Originally published by WND News Center. Used with permission.

State senators in Texas have adopted, 17-12, a plan to have the Ten Commandments displayed in school classrooms.

The plan, Senate Bill 1515, explains, “a public elementary or secondary school shall display in a conspicuous place in each classroom of the school a durable poster or framed copy of the Ten Commandments.”

Sponsor state Sen. Phil King, a Republican, set up the plan to have the document at least 16 inches by 20 inches.


The plan now goes to the state House, and if the Republican-majority body adopts it, it would go to Gov. Greg Abbott, a Republican, for his signature.

It could take effect as early as Sept. 1

King, during a committee hearing on the plan, cited the Supreme Court’s 6-3 decision in Kennedy v. Bremerton as allowing the posting.


They are part of the American heritage, he said.

The court case involved a football coach who was fired for postgame prayers at midfield. The decision said Joe Kennedy was praying as a citizen, not as a school worker.

“[The bill] will remind students all across Texas of the importance of the fundamental foundation of America,” King said.

Other bills adopted by the Senate would address Bible reading in schools, and “protect the right of school employees to engage in religious speech or prayer while on duty,”

A supporter pointed out, “Our Founders certainly never intended separation of God from government or schools, despite the left’s attempts to mislead people on this fact.”

Texas Lt.
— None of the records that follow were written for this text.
(* Let $\mathcal{X}=\{x_k\}_{k=1}^m$ be a frame for $\mathbb{C}^n$. Then the following are equivalent: (1) $\mathcal{X}$ is injective; (2) the vectors $\{\tilde{x}_k\}_{k=1}^m$ span $\mathbb{R}^{n^2}$.
   Context: A family $\{x_k\}$ of vectors in a Hilbert space is called injective if whenever a self-adjoint operator $T$ satisfies $\langle Tx_k,x_k\rangle=0$ for all $k$, then $T=0$. For $x=(x_1,\dots,x_n)\in\mathbb{C}^n$ define $\tilde{x}\in\mathbb{R}^{n^2}$ by $\tilde{x}=(|x_1|^2,\mathrm{Re}(\bar{x}_1x_2),\mathrm{Im}(\bar{x}_1x_2),\dots,\mathrm{Re}(\bar{x}_1x_n),\mathrm{Im}(\bar{x}_1x_n);\ |x_2|^2,\mathrm{Re}(\bar{x}_2x_3),\mathrm{Im}(\bar{x}_2x_3),\dots,\mathrm{Re}(\bar{x}_2x_n),\mathrm{Im}(\bar{x}_2x_n);\ \dots;\ |x_{n-1}|^2,\mathrm{Re}(\bar{x}_{n-1}x_n),\mathrm{Im}(\bar{x}_{n-1}x_n);\ |x_n|^2)$. *)

From HB Require Import structures.
From mathcomp Require Import all_boot all_order all_algebra.
From mathcomp Require Import complex.
Set Implicit Arguments. Unset Strict Implicit. Unset Printing Implicit Defensive.
Import Order.TTheory GRing.Theory Num.Theory.
Local Open Scope ring_scope.

Definition cabs2 (R : rcfType) (z : R[i]) : R := complex.Re z ^+ 2 + complex.Im z ^+ 2.

Definition cinner (R : rcfType) (n : nat) (u v : 'cV[R[i]]_n) : R[i] :=
  \sum_(i < n) u i 0 * conjc (v i 0).

Definition cnorm2 (R : rcfType) (n : nat) (u : 'cV[R[i]]_n) : R :=
  \sum_(i < n) cabs2 (u i 0).

Definition is_frame (R : rcfType) (n m : nat) (X : 'I_m -> 'cV[R[i]]_n) : Prop :=
  exists A B : R, 0 < A /\ 0 < B /\
    forall x : 'cV[R[i]]_n,
      A * cnorm2 x <= \sum_(k < m) cabs2 (cinner x (X k)) <= B * cnorm2 x.

Definition self_adjoint (R : rcfType) (n : nat) (T : 'M[R[i]]_n) : Prop :=
  forall i j, T j i = conjc (T i j).

Definition injective_family (R : rcfType) (n m : nat)
    (X : 'I_m -> 'cV[R[i]]_n) : Prop :=
  forall T : 'M[R[i]]_n, self_adjoint T ->
    (forall k, cinner (T *m X k) (X k) = 0) -> T = 0.

(* the sequence of coordinates of x~ in the order of the paper:
   |x_1|^2, Re(conj x_1 x_2), Im(conj x_1 x_2), ..., Re(conj x_1 x_n), Im(..);
   |x_2|^2, ... ; ... ; |x_n|^2   (0-indexed here) *)
Definition tilde_seq (R : rcfType) (n : nat) (x : 'cV[R[i]]_n) : seq R :=
  let c := fun i : 'I_n => x i 0 in
  flatten [seq cabs2 (c i) ::
             flatten [seq [:: complex.Re (conjc (c i) * c j);
                              complex.Im (conjc (c i) * c j)]
                     | j : 'I_n <- filter (fun j : 'I_n => (i < j)%N) (enum 'I_n)]
          | i : 'I_n <- enum 'I_n].
(* (this sequence has length n + 2 * (n(n-1)/2) = n^2) *)

Definition tilde (R : rcfType) (n : nat) (x : 'cV[R[i]]_n) : 'rV[R]_(n * n) :=
  \row_(p < n * n) nth 0 (tilde_seq x) p.

(* the matrix whose k-th row is x~_k; its rows span R^(n^2) iff it is row_full *)
Definition tilde_mx (R : rcfType) (n m : nat) (X : 'I_m -> 'cV[R[i]]_n)
  : 'M[R]_(m, n * n) :=
  \matrix_(k < m) tilde (X k).

From HB Require Import structures.
From mathcomp Require Import all_boot all_order all_algebra.
From mathcomp Require Import complex.
From mathcomp Require Import zify ring lra.
Import Order.TTheory GRing.Theory Num.Theory.
Set Implicit Arguments. Unset Strict Implicit. Unset Printing Implicit Defensive.
Local Open Scope ring_scope.

Lemma flatten_map_uniq (S T : eqType) (f : S -> seq T) (key : T -> S) (s : seq S) :
  uniq s -> {in s, forall x, uniq (f x)} ->
  {in s, forall x, {in f x, forall y, key y = x}} ->
  uniq (flatten (map f s)).
Proof.
elim: s => //= x s IH /andP[xNs s_uniq] f_uniq f_key.
rewrite cat_uniq f_uniq ?mem_head //= IH //; last 2 first.
- by move=> z zs; apply: f_uniq; rewrite in_cons zs orbT.
- by move=> z zs; apply: f_key; rewrite in_cons zs orbT.
rewrite andbT; apply/hasPn => y /flatten_mapP[z zs yz]; apply/negP => yx.
have keyz : key y = z by apply: f_key; rewrite ?in_cons ?zs ?orbT.
by move: xNs; rewrite -(f_key x (mem_head _ _) y yx) keyz zs.
Qed.

Lemma row_full_ker (F : fieldType) m n (A : 'M[F]_(m, n)) :
  row_full A <-> (forall v : 'cV_n, A *m v = 0 -> v = 0).
Proof.
split=> [A_full v Av0|ker0]; first by apply: (row_full_inj A_full); rewrite Av0 mulmx0.
rewrite /row_full -mxrank_tr; apply: inj_row_free => u uA0.
have Au0 : A *m u^T = 0 by rewrite -[A]trmxK -trmx_mul uA0 trmx0.
by rewrite -[u]trmxK (ker0 _ Au0) trmx0.
Qed.

Lemma sum_odd_ord (n : nat) : (\sum_(i < n) i.*2.+1 = n * n)%N.
Proof. by elim: n => [|n IH]; rewrite ?big_ord0 // big_ord_recr /= IH; lia. Qed.

Lemma count_ord_gt (n : nat) (i : 'I_n) :
  count (fun j : 'I_n => (i < j)%N) (enum 'I_n) = (n - i.+1)%N.
Proof.
rewrite -(count_map val (fun k => (i < k)%N)) val_enum_ord.
have := count_predC (fun k => (k <= i)%N) (iota 0 n).
rewrite -size_filter (filter_iota_leq 0 (ltn_ord i)) size_iota size_iota.
rewrite (eq_count (a2 := fun k => (i < k)%N)) => [|k /=]; first lia.
by rewrite -ltnNge.
Qed.

Inductive tilde_kind := Diag | ReOff | ImOff.

Definition tilde_kind_eqb (k k' : tilde_kind) : bool :=
  match k, k' with
  | Diag, Diag | ReOff, ReOff | ImOff, ImOff => true
  | _, _ => false
  end.

Lemma tilde_kind_eqP : Equality.axiom tilde_kind_eqb.
Proof. by case; case; constructor. Qed.

HB.instance Definition _ := hasDecEq.Build tilde_kind tilde_kind_eqP.

Section TildeIndices.
Variable n : nat.

(* (a, b, k) names the coordinate |x_a|^2, Re (conj(x_a) x_b) or Im (conj(x_a) x_b)
   of x~; tilde_indices lists the names in the order of tilde_seq. *)
Definition tilde_index := ('I_n * 'I_n * tilde_kind)%type.

Definition tilde_block (i : 'I_n) : seq tilde_index :=
  (i, i, Diag) :: [seq (i, j, k) | j <- [seq j : 'I_n <- enum 'I_n | (i < j)%N],
                                   k <- [:: ReOff; ImOff]].

Definition tilde_indices : seq tilde_index := flatten (map tilde_block (enum 'I_n)).

Definition valid_index (l : tilde_index) : bool :=
  let: (a, b, k) := l in if k is Diag then a == b else (a < b)%N.

Lemma valid_index_le (a b : 'I_n) k : valid_index (a, b, k) -> (a <= b)%N.
Proof. by case: k => /= [/eqP ->|/ltnW|/ltnW]. Qed.

Lemma valid_index_diag (a b : 'I_n) k : valid_index (a, b, k) -> (a == b) = (k == Diag).
Proof. by case: k => /= [->|ab|ab] //; rewrite -val_eqE ltn_eqF. Qed.

Lemma mem_tilde_indices l : (l \in tilde_indices) = valid_index l.
Proof.
case: l => [[a b] k]; apply/flatten_mapP/idP => [[i _]|].
  rewrite in_cons => /orP[/eqP[-> -> ->]|]; first by rewrite /= eqxx.
  case/allpairsP => -[j k'] /=; rewrite mem_filter !inE.
  by move=> -[/andP[ij _] /orP[]/eqP-> [-> -> ->]].
case: k => /= [/eqP <-|ab|ab]; exists a; rewrite -?enumT ?mem_enum ?mem_head //.
all: rewrite in_cons (allpairs_f (fun j k => (a, j, k))) ?orbT //.
all: by rewrite ?mem_filter ?ab -?enumT ?mem_enum // !inE ?eqxx ?orbT.
Qed.

Lemma tilde_indices_uniq : uniq tilde_indices.
Proof.
apply: (flatten_map_uniq (key := fun l => l.1.1)) => [|i _|i _ l].
- exact: enum_uniq.
- rewrite cons_uniq; apply/andP; split.
    by apply/negP; case/allpairsP => -[j k] [_]; rewrite !inE => /orP[]/eqP-> [].
  apply: allpairs_uniq => [||[j k] [j' k'] _ _ [-> ->]] //.
  exact/filter_uniq/enum_uniq.
- by rewrite in_cons => /orP[/eqP-> //|/allpairsP[[j k] [_ _ ->]]].
Qed.

Lemma size_tilde_block i : size (tilde_block i) = (n - i.+1).*2.+1.
Proof.
by rewrite /tilde_block -cat1s size_cat size_allpairs size_filter count_ord_gt muln2.
Qed.

Lemma size_tilde_indices : size tilde_indices = (n * n)%N.
Proof.
rewrite size_flatten /shape -map_comp sumnE big_map big_enum.
rewrite (reindex_inj rev_ord_inj) -[RHS]sum_odd_ord; apply: eq_bigr => i _.
by rewrite [LHS]size_tilde_block /=; have := ltn_ord i; lia.
Qed.

Definition tilde_indices_tuple : (n * n).-tuple tilde_index :=
  Tuple (introT eqP size_tilde_indices).

End TildeIndices.

Section SelfAdjointBasis.
Variables (R : rcfType) (n : nat).
Local Notation C := R[i].
Local Open Scope complex_scope.

Lemma cinnerDl (u v x : 'cV[C]_n) : cinner (u + v) x = cinner u x + cinner v x.
Proof. by rewrite /cinner -big_split; apply: eq_bigr => i _; rewrite mxE mulrDl. Qed.

Lemma cinnerZl z (u x : 'cV[C]_n) : cinner (z *: u) x = z * cinner u x.
Proof. by rewrite /cinner mulr_sumr; apply: eq_bigr => i _; rewrite mxE mulrA. Qed.

Lemma cinner_suml k (F : 'I_k -> 'cV[C]_n) x :
  cinner (\sum_(p < k) F p) x = \sum_(p < k) cinner (F p) x.
Proof. by rewrite /cinner exchange_big; apply: eq_bigr => i _; rewrite summxE mulr_suml. Qed.

Lemma cinner_delta_mx (a b : 'I_n) (x : 'cV[C]_n) :
  cinner (delta_mx a b *m x) x = x b 0 * (x a 0)^*.
Proof.
rewrite /cinner (bigD1 a) //= big1 ?addr0 => [|i /negbTE ia]; rewrite !mxE.
  rewrite (bigD1 b) //= big1 ?addr0 => [|j /negbTE jb];
  by rewrite !mxE ?eqxx ?jb ?andbF ?mul1r ?mul0r.
by rewrite big1 ?mul0r // => j _; rewrite mxE ia mul0r.
Qed.

(* <(w E_ab + conj w E_ba) x, x> = 2 Re (w conj(x_a) x_b); for w = 1/2, 1/2, -i/2
   this is |x_a|^2 (when a = b), Re (conj(x_a) x_b) and Im (conj(x_a) x_b).
   Off the diagonal, coord_weight k is 1 / basis_weight k. *)
Definition basis_weight (k : tilde_kind) : C :=
  if k is ImOff then 0 +i* (- 2^-1) else 2^-1 +i* 0.

Definition sa_basis (l : tilde_index n) : 'M[C]_n :=
  let: (a, b, k) := l in
  basis_weight k *: delta_mx a b + (basis_weight k)^* *: delta_mx b a.

Definition tilde_entry (l : tilde_index n) (x : 'cV[C]_n) : R :=
  let: (a, b, k) := l in
  match k with
  | Diag => cabs2 (x a 0)
  | ReOff => complex.Re ((x a 0)^* * x b 0)
  | ImOff => complex.Im ((x a 0)^* * x b 0)
  end.

Definition coord_weight (k : tilde_kind) : C :=
  match k with Diag => 1 | ReOff => 2 | ImOff => 0 +i* 2 end.

Definition sa_coord (l : tilde_index n) (T : 'M[C]_n) : R :=
  let: (a, b, k) := l in complex.Re (coord_weight k * T a b).

Lemma sa_basis_self_adjoint l : self_adjoint (sa_basis l).
Proof.
case: l => [[a b] k] i j; rewrite !mxE rmorphD !rmorphM /= conjcK !conjc_nat addrC.
by rewrite [(j == a) && _]andbC [(j == b) && _]andbC.
Qed.

Lemma cinner_sa_basis l x :
  valid_index l -> cinner (sa_basis l *m x) x = (tilde_entry l x)%:C.
Proof.
case: l => [[a b] k]; rewrite /= mulmxDl -!scalemxAl cinnerDl !cinnerZl !cinner_delta_mx.
case: k => [/eqP <-|_|_]; case: (x a 0) => p q; case: (x b 0) => r s;
  by rewrite /cabs2 /=; simpc; congr Complex; field.
Qed.

Lemma sa_coordB l : zmod_morphism (sa_coord l).
Proof.
case: l => [[a b] k] A B; rewrite /= !mxE mulrBr.
by case: (_ * A a b) => p q; case: (_ * B a b).
Qed.

HB.instance Definition _ l :=
  GRing.isZmodMorphism.Build 'M[C]_n R (sa_coord l) (sa_coordB l).

Lemma sa_coordZ l r T : sa_coord l (r%:C *: T) = r * sa_coord l T.
Proof.
case: l => [[a b] k]; rewrite /= !mxE mulrCA.
by case: (_ * T a b) => p q; simpc.
Qed.

Lemma sa_basis_upper a' b' k' (a b : 'I_n) :
  valid_index (a', b', k') -> (a <= b)%N ->
  sa_basis (a', b', k') a b =
  if (a == a') && (b == b') then (if k' is Diag then 1 else basis_weight k') else 0.
Proof.
move=> vl ab; have a'b' := valid_index_le vl; rewrite /= !mxE.
case: ifP => [/andP[/eqP ea /eqP eb]|ne].
  subst a' b'; rewrite [b == a]eq_sym andbb (valid_index_diag vl).
  by case: k' {vl a'b'} => /=; rewrite ?mulr1 ?mulr0 ?addr0 //; simpc; congr Complex; field.
have -> : (a == b') && (b == a') = false.
  apply/negbTE/andP => -[/eqP eab' /eqP eba']; subst a b.
  move: ne; have -> : a' = b' by apply/val_inj/anti_leq; rewrite a'b' ab.
  by rewrite eqxx.
by rewrite !mulr0 addr0.
Qed.

Lemma sa_coord_basis l l' :
  valid_index l -> valid_index l' -> sa_coord l (sa_basis l') = (l == l')%:R.
Proof.
case: l l' => [[a b] k] [[a' b'] k'] vl vl'.
rewrite /sa_coord sa_basis_upper ?(valid_index_le vl) // !xpair_eqE.
case: ifP => [/andP[/eqP ea /eqP eb]|_]; last by case: k {vl}; rewrite /= ?mul0r; simpc.
subst a' b'; have := valid_index_diag vl; rewrite (valid_index_diag vl').
by case: k k' {vl vl'} => [] [] //= _; simpc; field.
Qed.

Lemma self_adjoint_eq0 T :
  self_adjoint T -> (forall l, valid_index l -> sa_coord l T = 0) -> T = 0.
Proof.
move=> saT coord0; apply/matrixP => i j; rewrite mxE.
wlog ij : i j / (i <= j)%N.
  move=> upper0; case: (leqP i j) => [/upper0 //|/ltnW/upper0 Tji].
  by rewrite saT Tji conjc0.
move: ij; rewrite leq_eqVlt => /orP[/eqP/val_inj <-|ij].
  have /= := coord0 (i, i, Diag) (eqxx _); have := saT i i.
  by case: (T i i) => p q [] q0; simpc => /= p0; congr Complex; lra.
have /= := coord0 (i, j, ReOff) ij; have /= := coord0 (i, j, ImOff) ij.
by case: (T i j) => p q; simpc => /= h2 h1; congr Complex; nra.
Qed.

End SelfAdjointBasis.

Section TildeCoordinates.
Variables (R : rcfType) (n : nat).
Local Notation C := R[i].
Local Open Scope complex_scope.

Definition tilde_label (p : 'I_(n * n)) : tilde_index n := tnth (tilde_indices_tuple n) p.

Lemma valid_tilde_label p : valid_index (tilde_label p).
Proof. by rewrite -mem_tilde_indices mem_tnth. Qed.

Lemma tilde_label_inj : injective tilde_label.
Proof. exact/tuple_uniqP/tilde_indices_uniq. Qed.

Lemma tilde_seqE (x : 'cV[C]_n) : tilde_seq x = [seq tilde_entry l x | l <- tilde_indices n].
Proof.
rewrite map_flatten -map_comp; congr flatten; apply: eq_map => i /=.
by rewrite map_flatten -map_comp.
Qed.

Lemma tilde_label_entry (x : 'cV[C]_n) p : tilde x 0 p = tilde_entry (tilde_label p) x.
Proof.
rewrite mxE tilde_seqE (nth_map (tilde_label p)) ?size_tilde_indices //.
by rewrite [in RHS]/tilde_label (tnth_nth (tilde_label p)).
Qed.

Definition sa_of_coords (v : 'cV[R]_(n * n)) : 'M[C]_n :=
  \sum_(p < n * n) (v p 0)%:C *: sa_basis R (tilde_label p).

Definition sa_coords (T : 'M[C]_n) : 'cV[R]_(n * n) := \col_p sa_coord (tilde_label p) T.

Lemma sa_coordsB : zmod_morphism sa_coords.
Proof. by move=> A B; apply/matrixP => p j; rewrite !mxE raddfB. Qed.

HB.instance Definition _ :=
  GRing.isZmodMorphism.Build 'M[C]_n 'cV[R]_(n * n) sa_coords sa_coordsB.

Lemma sa_of_coords0 : sa_of_coords 0 = 0.
Proof. by rewrite /sa_of_coords big1 // => p _; rewrite mxE scale0r. Qed.

Lemma sa_of_coords_self_adjoint v : self_adjoint (sa_of_coords v).
Proof.
move=> i j; rewrite !summxE rmorph_sum; apply: eq_bigr => p _.
by rewrite !mxE rmorphM /= oppr0 sa_basis_self_adjoint.
Qed.

Lemma cinner_sa_of_coords v (x : 'cV[C]_n) :
  cinner (sa_of_coords v *m x) x = ((tilde x *m v) 0 0)%:C.
Proof.
rewrite mulmx_suml cinner_suml mxE rmorph_sum; apply: eq_bigr => p _.
rewrite -scalemxAl cinnerZl cinner_sa_basis ?valid_tilde_label //.
by rewrite tilde_label_entry rmorphM mulrC.
Qed.

Lemma sa_of_coordsK : cancel sa_of_coords sa_coords.
Proof.
move=> v; apply/matrixP => p j; rewrite (ord1 j) mxE raddf_sum.
under eq_bigr do rewrite /= sa_coordZ sa_coord_basis ?valid_tilde_label //.
rewrite (bigD1 p) //= eqxx mulr1 big1 ?addr0 // => q qp.
by rewrite (inj_eq tilde_label_inj) eq_sym (negbTE qp) mulr0.
Qed.

Lemma sa_coordsK T : self_adjoint T -> sa_of_coords (sa_coords T) = T.
Proof.
move=> saT; apply/esym/subr0_eq/self_adjoint_eq0 => [i j|l vl].
  by rewrite !mxE rmorphB /= saT sa_of_coords_self_adjoint.
have [p ->] : exists p, l = tilde_label p by apply/tnthP; rewrite mem_tilde_indices.
transitivity (sa_coords (T - sa_of_coords (sa_coords T)) p 0); first by rewrite mxE.
by rewrite raddfB /= sa_of_coordsK subrr mxE.
Qed.

End TildeCoordinates.

Lemma tilde_mx_mulE (R : rcfType) n m (X : 'I_m -> 'cV[R[i]]_n) (v : 'cV[R]_(n * n)) k :
  (tilde_mx X *m v) k 0 = (tilde (X k) *m v) 0 0.
Proof. by rewrite !mxE; apply: eq_bigr => p _; rewrite mxE. Qed.

Theorem mainTheorem2 (R : rcfType) (n m : nat) (X : 'I_m -> 'cV[R[i]]_n) :
  is_frame X ->
  (injective_family X <-> row_full (tilde_mx X)).
Proof.
move=> _; rewrite row_full_ker; split=> [Xinj v Xv0 | ker0 T saT XT0].
  have Tv0 : sa_of_coords v = 0.
    apply: Xinj => [|k]; first exact: sa_of_coords_self_adjoint.
    by rewrite cinner_sa_of_coords -tilde_mx_mulE Xv0 mxE.
  by rewrite -[v]sa_of_coordsK Tv0 raddf0.
have cT0 : sa_coords T = 0.
  apply/ker0/matrixP => k j; rewrite ord1 tilde_mx_mulE [RHS]mxE.
  by apply: (@complexI R); rewrite -cinner_sa_of_coords sa_coordsK // XT0.
by rewrite -(sa_coordsK saT) cT0 sa_of_coords0.
Qed.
Gov. Dan Patrick said that allowing the Ten Commandments and prayer in public schools was among the ways to prove that Texans “have the right to freely express their sincerely held religious beliefs.”

Georgia, Indiana, Louisiana, Mississippi, Oklahoma, South Dakota and Tennessee are among the states that already allow the Ten Commandments to be displayed in an official capacity.

blog posting explained, “One of the most progressive school districts in the nation lies in the heart of Texas, the Austin Independent School District (AISD). AISD is known for its promotion of sexual immorality, inviting drag queens to interact with children and holding gay pride marches on school property.

“The taxpayer-funded school district has been under fire over the years from conservatives for a number of sexually-related problems. In 2019, Blackshear Fine Arts Academy hosted a drag queen story hour that featured a drag queen by the name of Ms. Kitty Litter who was convicted of male prostitution in 1996.

“Another elementary school librarian in Austin who is known for hosting drag queens was also caught posting explicit photos of himself at gay events. It will be interesting to see how the school would reconcile such lewd behavior with the new requirement to display the Ten Commandments.”